# [Requirement]
With nothing added or dropped, copy the data that follows exactly.

····················

(* Let $(R,\mathfrak{m})$ be a finite commutative local ring with identity and let $I$ be an ideal of $R$ with $I\subseteq\mathfrak m$ such that $\mathfrak{m}/I$ is not a principal ideal of $R/I$. If some minimal generating set of $\mathfrak{m}/I$ contains distinct elements $x+I$ and $y+I$ with $|U(R)x|\geq 3$ and $|U(R)y|\geq 3$, then $\Gamma''_I(R)$ is not planar.
   Context: $U(R)$ is the group of units of $R$ and $U(R)x=\{ux: u\in U(R)\}$. For an ideal $I$ of $R$, $\Gamma''_I(R)$ is the simple undirected graph whose vertex set is $\{x\in R\setminus I : xR+I\neq R\}$, with distinct vertices $x,y$ adjacent if and only if $x\notin yR+I$ and $y\notin xR+I$. A graph is planar if it can be drawn in the plane with edges meeting only at their endpoints. *)

From HB Require Import structures.
From mathcomp Require Import all_boot all_order all_algebra.
From mathcomp Require Import all_classical all_reals all_analysis.
Set Implicit Arguments. Unset Strict Implicit. Unset Printing Implicit Defensive.
Import Order.TTheory GRing.Theory Num.Theory.
Import numFieldNormedType.Exports.
Local Open Scope classical_set_scope.
Local Open Scope ring_scope.

Section RingDefs.
Variable A : finComUnitRingType.

Definition is_ideal (J : {set A}) : Prop :=
  0 \in J /\ (forall a b, a \in J -> b \in J -> a + b \in J) /\
  (forall r a, a \in J -> r * a \in J).

Definition is_maximal_ideal (J : {set A}) : Prop :=
  is_ideal J /\ 1 \notin J /\
  (forall K : {set A}, is_ideal K -> J \subset K -> K = J \/ K = [set: A]%SET).

Definition local_max_ideal (m : {set A}) : Prop :=
  is_maximal_ideal m /\ (forall K, is_maximal_ideal K -> K = m).

Definition princ_plus (I : {set A}) (a : A) : {set A} :=
  [set z | [exists r : A, [exists i in I, z == a * r + i]]].

(* the ideal of A generated by S and I, i.e. the preimage in A of the
   ideal of A/I generated by {s + I : s in S} *)
Definition gen_plus (I S : {set A}) : {set A} :=
  [set z | [exists c : {ffun A -> A}, z - \sum_(s in S) c s * s \in I]].

(* m/I is a principal ideal of A/I *)
Definition principal_mod (I m : {set A}) : Prop :=
  exists a : A, m = princ_plus I a.

(* S is a set of representatives (pairwise distinct mod I) of a minimal
   generating set {s + I : s in S} of the ideal m/I of A/I *)
Definition min_gen_set_mod (I m S : {set A}) : Prop :=
  S \subset m /\
  {in S &, forall s t, s - t \in I -> s = t} /\
  gen_plus I S = m /\
  (forall S' : {set A}, S' \proper S -> gen_plus I S' != m).

Definition unit_orbit (x : A) : {set A} :=
  [set u * x | u in [set v : A | v \is a GRing.unit]].

Definition gvert (I : {set A}) : {set A} :=
  [set x | (x \notin I) && (princ_plus I x != [set: A]%SET)].

Definition gadj (I : {set A}) : rel A :=
  fun x y => [&& x != y, x \notin princ_plus I y & y \notin princ_plus I x].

····················

# [Exercise response]
(* Let $(R,\mathfrak{m})$ be a finite commutative local ring with identity and let $I$ be an ideal of $R$ with $I\subseteq\mathfrak m$ such that $\mathfrak{m}/I$ is not a principal ideal of $R/I$. If some minimal generating set of $\mathfrak{m}/I$ contains distinct elements $x+I$ and $y+I$ with $|U(R)x|\geq 3$ and $|U(R)y|\geq 3$, then $\Gamma''_I(R)$ is not planar.
   Context: $U(R)$ is the group of units of $R$ and $U(R)x=\{ux: u\in U(R)\}$. For an ideal $I$ of $R$, $\Gamma''_I(R)$ is the simple undirected graph whose vertex set is $\{x\in R\setminus I : xR+I\neq R\}$, with distinct vertices $x,y$ adjacent if and only if $x\notin yR+I$ and $y\notin xR+I$. A graph is planar if it can be drawn in the plane with edges meeting only at their endpoints. *)

From HB Require Import structures.
From mathcomp Require Import all_boot all_order all_algebra.
From mathcomp Require Import all_classical all_reals all_analysis.
Set Implicit Arguments. Unset Strict Implicit. Unset Printing Implicit Defensive.
Import Order.TTheory GRing.Theory Num.Theory.
Import numFieldNormedType.Exports.
Local Open Scope classical_set_scope.
Local Open Scope ring_scope.

Section RingDefs.
Variable A : finComUnitRingType.

Definition is_ideal (J : {set A}) : Prop :=
  0 \in J /\ (forall a b, a \in J -> b \in J -> a + b \in J) /\
  (forall r a, a \in J -> r * a \in J).

Definition is_maximal_ideal (J : {set A}) : Prop :=
  is_ideal J /\ 1 \notin J /\
  (forall K : {set A}, is_ideal K -> J \subset K -> K = J \/ K = [set: A]%SET).

Definition local_max_ideal (m : {set A}) : Prop :=
  is_maximal_ideal m /\ (forall K, is_maximal_ideal K -> K = m).

Definition princ_plus (I : {set A}) (a : A) : {set A} :=
  [set z | [exists r : A, [exists i in I, z == a * r + i]]].

(* the ideal of A generated by S and I, i.e. the preimage in A of the
   ideal of A/I generated by {s + I : s in S} *)
Definition gen_plus (I S : {set A}) : {set A} :=
  [set z | [exists c : {ffun A -> A}, z - \sum_(s in S) c s * s \in I]].

(* m/I is a principal ideal of A/I *)
Definition principal_mod (I m : {set A}) : Prop :=
  exists a : A, m = princ_plus I a.

(* S is a set of representatives (pairwise distinct mod I) of a minimal
   generating set {s + I : s in S} of the ideal m/I of A/I *)
Definition min_gen_set_mod (I m S : {set A}) : Prop :=
  S \subset m /\
  {in S &, forall s t, s - t \in I -> s = t} /\
  gen_plus I S = m /\
  (forall S' : {set A}, S' \proper S -> gen_plus I S' != m).

Definition unit_orbit (x : A) : {set A} :=
  [set u * x | u in [set v : A | v \is a GRing.unit]].

Definition gvert (I : {set A}) : {set A} :=
  [set x | (x \notin I) && (princ_plus I x != [set: A]%SET)].

Definition gadj (I : {set A}) : rel A :=
  fun x y => [&& x != y, x \notin princ_plus I y & y \notin princ_plus I x].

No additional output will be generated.